Have a good life, I added in my head. I had high hopes I would.
“Come on,” Kulti murmured, leading me through the group of reporters crowding the exit.
He shouldered them out of the way, and I kept walking, not giving a crap that I should have said something to them. It seemed to take a year to make it to his car.
I slid in first, watching as he followed after me, pressing that long, muscular build against mine. His arm slipped over my shoulder as he angled into me, smothering me with his broad chest. That was all he did. He didn’t tell me not to keep being disappointed or angry. Kulti didn’t tell me everything would be fine. Kulti just kept on holding me until we made it to my garage apartment.
Wordlessly, we went up the stairs and he unlocked the door. He dumped my bag in its usual spot. I told him I was going to shower. The next few minutes all seemed like a blurry dream, and I took a lot longer than usual. By the time I finished, I was proud of myself for not crying more than I had. I mean, grown men cried in football when they lost, it would have been fine for me to bawl too…
If I was a baby.
I’d cried enough at the stadium.
It wasn’t the end of the world. It really wasn’t. I would keep telling myself that until I got over it.

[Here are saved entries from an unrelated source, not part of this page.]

Local Notation K := (`[0, L] `\` removed L q).

Lemma K_contr0 y : K y -> K (contr0 y).
Proof.
rewrite /= !in_itv /= => -[y0L ry]; split; last by move/(removed_contr0 y0L).
by have := contr0_itv y0L; have := first_gap_bounds; lra.
Qed.

Lemma K_contr1 y : K y -> K (contr1 y).
Proof.
rewrite /= !in_itv /= => -[y0L ry]; split; last by move/(removed_contr1 y0L).
by have := contr1_itv y0L; have := first_gap_bounds; lra.
Qed.

Lemma K_cases x : K x -> exists2 y, K y & x = contr0 y \/ x = contr1 y.
Proof.
rewrite /= in_itv /= => -[x0L rx].
have : x <= L / q \/ L - L / q <= x.
  case: (leP x (L / q)) => [|xLq]; [by left | right; rewrite leNgt].
  by apply/negP => xc; apply: rx; exists 1%N; split => //; apply/gap0E/andP.
case=> xLq; [exists (x * q); last by left; rewrite contr0K
            | exists ((x - (L - L / q)) * q); last by right; rewrite contr1K].
- have y0L : 0 <= x * q <= L.
    by rewrite -(le_contr0 0) -(le_contr0 _ L) contr0_0 contr0K /contr0; lra.
  by rewrite /= in_itv /= y0L; split=> // /(removed_contr0 y0L); rewrite contr0K.
- have y0L : 0 <= (x - (L - L / q)) * q <= L.
    by rewrite -(le_contr1 0) -(le_contr1 _ L) contr1_0 contr1_L contr1K; lra.
  by rewrite /= in_itv /= y0L; split=> // /(removed_contr1 y0L); rewrite contr1K.
Qed.

End SelfSimilarGaps.

Section Constants.
Variable R : realType.

Definition cbrt3 : R := 3 `^ 3^-1.

Lemma cbrt3_gt0 : 0 < cbrt3. Proof. by rewrite powR_gt0. Qed.

Lemma cbrt3_cube : cbrt3 ^+ 3 = 3.
Proof. by rewrite /cbrt3 -powR_mulrn ?powR_ge0 // -powRrM mulVf ?powRr1. Qed.

Lemma q23E : q23 R = cbrt3 ^+ 2.
Proof. by rewrite /q23 /cbrt3 -powR_mulrn ?powR_ge0 // -powRrM mulrC. Qed.

Lemma sqrt_q23 : Num.sqrt (q23 R) = cbrt3.
Proof. by rewrite q23E sqrtr_sqr ger0_norm // ltW // cbrt3_gt0. Qed.

Lemma q23_mul_sqrt : q23 R * Num.sqrt (q23 R) = 3.
Proof. by rewrite sqrt_q23 q23E -exprSr cbrt3_cube. Qed.

Lemma q23_gt2 : 2 < q23 R.
Proof.
rewrite q23E ltNge; apply/negP => le2.
have := cbrt3_cube; have := cbrt3_gt0; rewrite exprS; nra.
Qed.

Lemma Mconst_q23 : Mconst R * (q23 R - 2) = 1.
Proof. by rewrite /Mconst mulVf // subr_eq0 gt_eqF // q23_gt2. Qed.

End Constants.

Section Tent.
Variable R : realType.
Implicit Types a b c k x y : R.

Definition tent a b x := 4 / Num.sqrt (b - a) * Num.min (x - a) (b - x).

Lemma tentE a b x :
  tent a b x = 4 / Num.sqrt (b - a) * ((b - a) / 2 - `|x - (a + b) / 2|).
Proof.
rewrite /tent; congr (_ * _); case: (leP x ((a + b) / 2)) => xm.
  by rewrite min_l ?ler0_norm ?subr_le0 //; lra.
by rewrite min_r ?gtr0_norm ?subr_gt0 //; lra.
Qed.

Lemma tent_gt0 a b x : a < x < b -> 0 < tent a b x.
Proof.
move=> axb; rewrite /tent mulr_gt0 ?divr_gt0 ?sqrtr_gt0 ?subr_gt0 ?lt_min //; lra.
Qed.

Lemma dist_mid_lipschitz a b x y :
  `| `|x - (a + b) / 2| - `|y - (a + b) / 2| | <= `|y - x|.
Proof.
have := ler_dist_dist (x - (a + b) / 2) (y - (a + b) / 2).
have -> : x - (a + b) / 2 - (y - (a + b) / 2) = - (y - x) by ring.
by rewrite normrN.
Qed.

Lemma tent_sqr_le a b x y : a < y < b -> ~ (a < x < b) ->
  tent a b y ^+ 2 <= 8 * `|y - x|.
Proof.
move=> ayb xout; have ab : 0 < b - a by lra.
set t := Num.sqrt (b - a); have t0 : 0 < t by rewrite sqrtr_gt0.
have tt : t ^+ 2 = b - a by rewrite sqr_sqrtr // ltW.
set m := (b - a) / 2 - `|y - (a + b) / 2|.
have m_ge0 : 0 <= m by rewrite subr_ge0 ler_norml; lra.
have m_le : m <= `|y - x|.
  have : (b - a) / 2 <= `|x - (a + b) / 2|.
    by rewrite leNgt; apply/negP; rewrite ltr_norml => h; apply: xout; lra.
  have := le_trans (ler_norm _) (dist_mid_lipschitz a b x y); rewrite /m; lra.
rewrite tentE -/t -/m -(ler_pM2r (exprn_gt0 2 t0)) -exprMn.
have m_half : 2 * m <= b - a by rewrite /m; have := normr_ge0 (y - (a + b) / 2); lra.
by rewrite mulrAC divfK ?gt_eqF // tt; nra.
Qed.

Lemma tent_lipschitz a b x y :
  `|tent a b y - tent a b x| <= 4 / Num.sqrt (b - a) * `|y - x|.
Proof.
rewrite !tentE -mulrBr normrM ger0_norm ?divr_ge0 ?sqrtr_ge0 //.
rewrite ler_wpM2l ?divr_ge0 ?sqrtr_ge0 //.
have -> : (b - a) / 2 - `|y - (a + b) / 2| - ((b - a) / 2 - `|x - (a + b) / 2|)
  = `|x - (a + b) / 2| - `|y - (a + b) / 2| by ring.
exact: dist_mid_lipschitz.
Qed.

Lemma tent_affine a b c k y : a < b -> 0 < k ->
  tent (a / k + c) (b / k + c) (y / k + c) = tent a b y / Num.sqrt k.
Proof.
move=> ab k0; rewrite /tent.
have -> : b / k + c - (a / k + c) = (b - a) * k^-1 by ring.
have -> : y / k + c - (a / k + c) = (y - a) * k^-1 by ring.
have -> : b / k + c - (y / k + c) = (b - y) * k^-1 by ring.
rewrite -minr_pMl ?invr_ge0 ?ltW // sqrtrM ?subr_ge0 ?ltW // sqrtrV ?ltW //.
have sk0 : Num.sqrt k != 0 by rewrite gt_eqF // sqrtr_gt0.
have skk : k = Num.sqrt k ^+ 2 by rewrite sqr_sqrtr ?ltW.
rewrite [in X in _ * X = _]skk; field.
by rewrite sk0 gt_eqF // sqrtr_gt0 subr_gt0.
Qed.

End Tent.

Lemma within_continuous_itvP (R : realType) (a b : R) (g : R -> R) x :
  {within `[a, b], continuous g} -> x \in `[a, b] -> forall e, 0 < e ->
  exists2 d, 0 < d & forall t, t \in `[a, b] -> `|t - x| < d -> `|g t - g x| < e.
Proof.
move=> /subspace_continuousP /(_ x) gx xab e e0.
have /cvgrPdist_lt/(_ e e0) := gx xab; rewrite near_withinE => /nbhs_ballP[d d0 hd].
by exists d => // t tab tx; rewrite distrC; apply: hd; rewrite // /ball /= distrC.
Qed.

Lemma Rintegral_cst_itv (R : realType) (u v c : R) : u <= v ->
  Rintegral mu `[u, v] (cst c) = c * (v - u).
Proof.
move=> uv; rewrite Rintegral_cst //; congr (_ * _).
transitivity (fine (mu [set` `[u, v]])); first by [].
by rewrite lebesgue_measure_itv /= lte_fin; case: ltgtP uv => //= -> _; rewrite subrr.
Qed.

Lemma is_derive_affine (R : realType) (k c x : R) :
  is_derive x 1 (fun t : R => t * k + c) k.
Proof. by apply: is_derive_eq; rewrite scaler0 add0r addr0 /GRing.scale /= mulr1. Qed.

Lemma is_derive_half_sqr (R : realType) (k t0 x : R) :
  is_derive x 1 (fun t : R => k / 2 * ((t - t0) * (t - t0))) (k * (x - t0)).
Proof. by apply: is_derive_eq; rewrite /GRing.scale /=; field. Qed.

Lemma derivable_oo_LRcontinuous_everywhere (R : realType) (F dF : R -> R) (u v : R) :
  (forall t : R, is_derive t 1 F (dF t)) -> derivable_oo_LRcontinuous F u v.
Proof.
move=> FdF; have Fd t : derivable F t 1 := @ex_derive _ _ _ _ _ _ _ (FdF t).
have Fc : continuous F.
  by move=> t; apply/differentiable_continuous/derivable1_diffP; exact: Fd.
split; first by move=> t _; exact: Fd.
- by apply: cvg_at_right_filter; exact: Fc.
- by apply: cvg_at_left_filter; exact: Fc.
Qed.

Section Primitive.
Variables (R : realType) (a b : R) (g : R -> R).
Hypothesis g_cont : {within `[a, b], continuous g}.
Implicit Types u v w x : R.

Definition primitive x := Rintegral mu `[a, x] g.

Lemma integrable_subitv u v : a <= u -> v <= b -> mu.-integrable `[u, v] (EFin \o g).
Proof.
move=> au vb; have gi : mu.-integrable `[a, b] (EFin \o g).
  by apply: continuous_compact_integrable; [exact: segment_compact | exact: g_cont].
by apply: integrableS gi => //; apply: subset_itvScc; rewrite bnd_simp.
Qed.

Lemma primitiveB u v : a <= u -> u <= v -> v <= b ->
  primitive v - primitive u = Rintegral mu `[u, v] g.
Proof.
move=> au uv vb; rewrite /primitive.
rewrite (@Rintegral_itvB _ _ (BLeft a) (BRight v) u) ?bnd_simp //; last first.
  exact: integrable_subitv.
rewrite Rintegral_itv_obnd_cbnd //.
by apply: integrableS (integrable_subitv au vb) => //; apply: subset_itv_oc_cc.
Qed.

Lemma Rintegral_itv_bounds u v lo hi : a <= u -> u <= v -> v <= b ->
  (forall t, u <= t <= v -> lo <= g t <= hi) ->
  lo * (v - u) <= Rintegral mu `[u, v] g <= hi * (v - u).
Proof.
move=> au uv vb lohi; have gi := integrable_subitv au vb.
have ci c : mu.-integrable `[u, v] (EFin \o cst c).
  apply: continuous_compact_integrable; first exact: segment_compact.
  by apply: continuous_subspaceT => x; apply: cst_continuous.
rewrite -!Rintegral_cst_itv //; apply/andP; split.
all: apply: le_Rintegral => //; try exact: ci; try exact: gi.
all: by move=> t; rewrite /= in_itv => /lohi/andP[].
Qed.

Lemma primitive_continuous : a <= b -> {within `[a, b], continuous primitive}.
Proof.
move=> ab; exact: parameterized_integral_continuous ab (integrable_subitv (lexx a) (lexx b)).
Qed.

Lemma primitive_has_deriv x : x \in `[a, b] ->
  has_deriv_within `[a, b] primitive x (g x).
Proof.
move=> xab; apply/cvgrPdist_le => e e0.
have [d d0 hd] := within_continuous_itvP g_cont xab e0.
rewrite near_withinE /dnbhs near_withinE; apply/nbhs_ballP.
exists d => // t /= xtd tx tab; rewrite /ball /= distrC in xtd.
move: xab tab; rewrite !in_itv /= => /andP[le_ax le_xb] /andP[le_at le_tb].
have gu u : (x <= u <= t) \/ (t <= u <= x) -> g x - e <= g u <= g x + e.
  move=> ux; have uab : u \in `[a, b].
    by rewrite in_itv /=; case: ux => /andP[? ?]; apply/andP; split; lra.
  have : `|u - x| < d.
    apply: le_lt_trans xtd; rewrite ler_norml.
    have := ler_norm (t - x); have : x - t <= `|t - x| by rewrite distrC ler_norm.
    by case: ux => /andP[? ?] ? ?; apply/andP; split; lra.
  by move/(hd _ uab); rewrite ltr_norml => /andP[? ?]; apply/andP; split; lra.
have tx0 : t - x != 0 by rewrite subr_eq0.
set Q := (_ - _) / _; have eQ : primitive t - primitive x = Q * (t - x) by rewrite /Q divfK.
rewrite ler_norml; case: (ltP x t) => xt.
  have /andP[] := Rintegral_itv_bounds le_ax (ltW xt) le_tb (fun u ux => gu u (or_introl ux)).
  by rewrite -(primitiveB le_ax (ltW xt) le_tb) eQ => ? ?; apply/andP; split; nra.
have /andP[] := Rintegral_itv_bounds le_at xt le_xb (fun u ux => gu u (or_intror ux)).
rewrite -(primitiveB le_at xt le_xb).
have -> : primitive x - primitive t = Q * (x - t) by rewrite -opprB eQ; ring.
have xt' : t < x by rewrite lt_neqAle tx.
by move=> ? ?; apply/andP; split; nra.
Qed.

Lemma primitive_le u v : a <= u -> u <= v -> v <= b ->
  (forall t, u <= t <= v -> 0 <= g t) -> primitive u <= primitive v.
Proof.
move=> au uv vb g0; rewrite -subr_ge0 primitiveB //.
by apply: Rintegral_ge0 => t; rewrite /= in_itv => /g0.
Qed.

Lemma primitive_lt u w v : a <= u -> v <= b -> u < w < v ->
  (forall t, u <= t <= v -> 0 <= g t) -> 0 < g w -> primitive u < primitive v.
Proof.
move=> au vb /andP[uw wv] g0 gw0.
have wab : w \in `[a, b] by rewrite in_itv /=; apply/andP; split; lra.
have [d d0 hd] := within_continuous_itvP g_cont wab (divr_gt0 gw0 (ltr0Sn _ 1)).
set r := Num.min d (Num.min (w - u) (v - w)) / 2.
have r0 : 0 < r by rewrite divr_gt0 // !lt_min d0 !subr_gt0 uw wv.
have [rd ru rv] : [/\ 2 * r <= d, 2 * r <= w - u & 2 * r <= v - w].
  by rewrite /r mulrC divfK // !ge_min !lexx ?orbT.
have g0_in s s' : u <= s -> s' <= v -> forall t, s <= t <= s' -> 0 <= g t.
  by move=> us s'v t /andP[? ?]; apply: g0; apply/andP; split; lra.
have lo_r : primitive u <= primitive (w - r).
  by apply: primitive_le (g0_in _ _ _ _) => //; lra.
have hi_r : primitive (w + r) <= primitive v.
  by apply: primitive_le (g0_in _ _ _ _) => //; lra.
have /andP[mid _] : (g w / 2) * (w + r - (w - r)) <= Rintegral mu `[w - r, w + r] g
                    <= (3 * g w / 2) * (w + r - (w - r)).
  apply: Rintegral_itv_bounds; [lra | lra | lra |] => t /andP[? ?].
  have tab : t \in `[a, b] by rewrite in_itv /=; apply/andP; split; lra.
  have : `|t - w| < d by rewrite ltr_norml; apply/andP; split; lra.
  by move/(hd _ tab); rewrite ltr_norml => /andP[? ?]; apply/andP; split; lra.
rewrite -primitiveB in mid; [|lra|lra|lra].
have : 0 < g w * r by rewrite mulr_gt0.
lra.
Qed.

Lemma Rintegral_affine u v k c : 0 < k -> u <= v -> a <= u / k + c -> v / k + c <= b ->
  Rintegral mu `[u / k + c, v / k + c] g =
  Rintegral mu `[u, v] (fun t => g (t / k + c) / k).
Proof.
move=> k0 uv auk vkb; set F := fun t : R => t * k^-1 + c.
have dF (t : R) : is_derive t 1 F k^-1 := is_derive_affine _ _ t.
have F'E : derive1 F = cst k^-1.
  by apply/funext => t; rewrite derive1E (@derive_val _ _ _ _ _ _ _ (dF t)).
rewrite /Rintegral (@integration_by_substitution_increasing _ F g u v uv) ?F'E //.
- by move=> x y _ _ xy; rewrite ltrD2r ltr_pM2r ?invr_gt0.
- by move=> t _; exact: cst_continuous.
- by apply/cvg_ex; exists k^-1; exact: cvg_cst.
- by apply/cvg_ex; exists k^-1; exact: cvg_cst.
- exact: derivable_oo_LRcontinuous_everywhere dF.
- by apply: continuous_subspaceW g_cont; apply: subset_itvScc; rewrite bnd_simp.
Qed.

Kulti was waiting in the kitchen when I finally ambled out of my bathroom. He shot me a look over his shoulder as he scraped something out of a skillet and onto two plates. “Sit.”
Taking a seat at one of the two barstools at the counter, he slid a plate of mixed veggies, sliced sausage and rice to me. Neither one of us said much as we sat together eating. I felt somber and a bit depressed, and I figured he was just giving me space to mope a bit. I’d have to ask him another day how he dealt with these things.
When we finished, he took our dishes and set them in the sink with a small, tight smile. He went and sat on the couch, leaving me alone in the kitchen. I’m not sure how long I sat there but after feeling pretty miserable, I finally got up and made my way to the living room to see him sitting in the middle, going through one of my dollar-store Sudoku books. As soon as he saw me, he set it aside.
Kulti pulled me onto his lap.
It happened so quickly I couldn’t really focus on anything. His mouth dropped to mine, which had already parted in anticipation.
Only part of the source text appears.